Our results of improvements in cognition and positive symptoms 6 months after treatment are consistent with previous findings and significant given that this is the first follow-up study of the effects of a cognitive intervention completed independently and remotely by participants with recent-onset schizophrenia. While functioning showed no improvement, our findings indicate that CT provided without the aid of a therapist or group sessions can improve cognition and positive symptoms, and may provide a synergistic effect when added to other psychosocial and vocational interventions.³⁷

Limitations

A limitation of the present study is a high attrition rate and lack of follow-up data on all participants. Dropout was similar across both interventions, suggesting that software content was roughly acceptable to both groups. Although we treated both groups as active interventions, participants may have been able to guess whether they were in the AT or CG conditions as we did not formally check the blind. Attrition rates were greater than what was reported in persistent schizophrenia,²⁰ but similar to studies with clinical-high-risk individuals from our own group,³⁵ and others⁴⁴—suggesting that younger individuals are harder to engage in intensive training. Certainly, to translate these promising findings into real-world interventions, our field must develop appropriate supports to help young individuals meet the highly effortful and time-intensive demands of targeted CT, similar to approaches designed to promote adherence to other effortful health-enhancing behaviors such as regular physical exercise.⁴⁵ While payment was a moderate motivator for some, it was insufficient as the sole motivator for most.
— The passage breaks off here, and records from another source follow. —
(* Let $k\ge4$, $\lambda>0$, $0<\theta<1$. Put $\theta_c(k)=\frac{k-1}{k+1}$, $\theta_c'(k)=\frac{k-1}{k}$, $\lambda_{\rm cr}'(k)=\frac{1}{k-1-k\theta}$ (for $\theta<\theta'_c(k)$) and $\lambda_{\rm cr}(k)=\frac{1}{k-1-(k+1)\theta}\bigl(\frac{k+1}{k}\bigr)^k$ (for $\theta<\theta_c(k)$). Then: (1) if $\theta\ge\theta'_c(k)$, or $\theta<\theta'_c(k)$ and $\lambda<\lambda'_{\rm cr}(k)$, there exists exactly one TISGM; (2) if $\theta<\theta_c(k)$ and $\lambda>\lambda_{\rm cr}(k)$, there exist at least three TISGMs.
   Context: SCWR model on the Cayley tree of order $k$ (each vertex has $k$ direct successors), spins in $\{-1,0,1\}$, activity $\lambda>0$, $\theta=e^{-J\beta}$; ferromagnetic means $0<\theta<1$. TISGMs are in one-to-one correspondence with the solutions $(x,y)\in(0,\infty)^2$ of $x=\lambda\bigl(\frac{1+x+\theta y}{1+x+y}\bigr)^k$, $y=\lambda\bigl(\frac{1+\theta x+y}{1+x+y}\bigr)^k$; the number of TISGMs is the number of such solutions. *)

From Stdlib Require Import Reals Lra.
Open Scope R_scope.

(* (x,y) is a positive solution of the TISGM system for the SCWR model
   on the Cayley tree of order k with activity lam and theta = exp(-J beta). *)
Definition is_TISGM_sol (k : nat) (lam theta : R) (x y : R) : Prop :=
  0 < x /\ 0 < y /\
  x = lam * ((1 + x + theta * y) / (1 + x + y)) ^ k /\
  y = lam * ((1 + theta * x + y) / (1 + x + y)) ^ k.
Finally, while the results in our final sample are broadly consistent with our interim report, there are some differences in the results in 2 of the 15 outcomes: (1) In the interim analysis of baseline to post-training, Verbal Memory was statistically significant, and in the final analysis this contrast was not significant; (2) Working Memory, which was not significant in the interim analysis, is statistically significant in our final sample. These differences are likely due to differences in the sample sizes and analyses used.

Conclusions and Future Directions

The results of our current study demonstrate, for the first time, that CT completed independently and remotely can induce cognitive gains that endure beyond the training period in recent-onset schizophrenia, and that training improves later positive symptoms. Future directions should address (1) far transfer and generalization—how do we enhance impact on real-world functioning? (2) dosage—how much training is needed by first-episode individuals? (3) durability— how long do changes last? and would booster sessions increase effects and durability? (4) mechanisms—what neural changes are associated with behavioral change? (5) personalization—which training exercises work best for whom? and (6) what supports are required for real-world implementation and how does that impact motivation? Finally, the addition of social cognition, vocational training, or other psychosocial interventions may also be required to more directly affect social and role functioning and enhance the overall effect sizes.⁴⁶ Given the importance of cognition to later functioning, our results suggest that CT should be included in first-episode coordinated specialty care to promote full recovery from psychotic disorders.

Funding

This work was supported by the Stanley Medical Research Institute (06TAF-972), the Laszlo N. Family Tauber Foundation, the National Institute of Mental Health (5R01MH081051), the NIH National Center for Advancing Translational Sciences (UL1TR002494), and the San Francisco DVA Medical Center.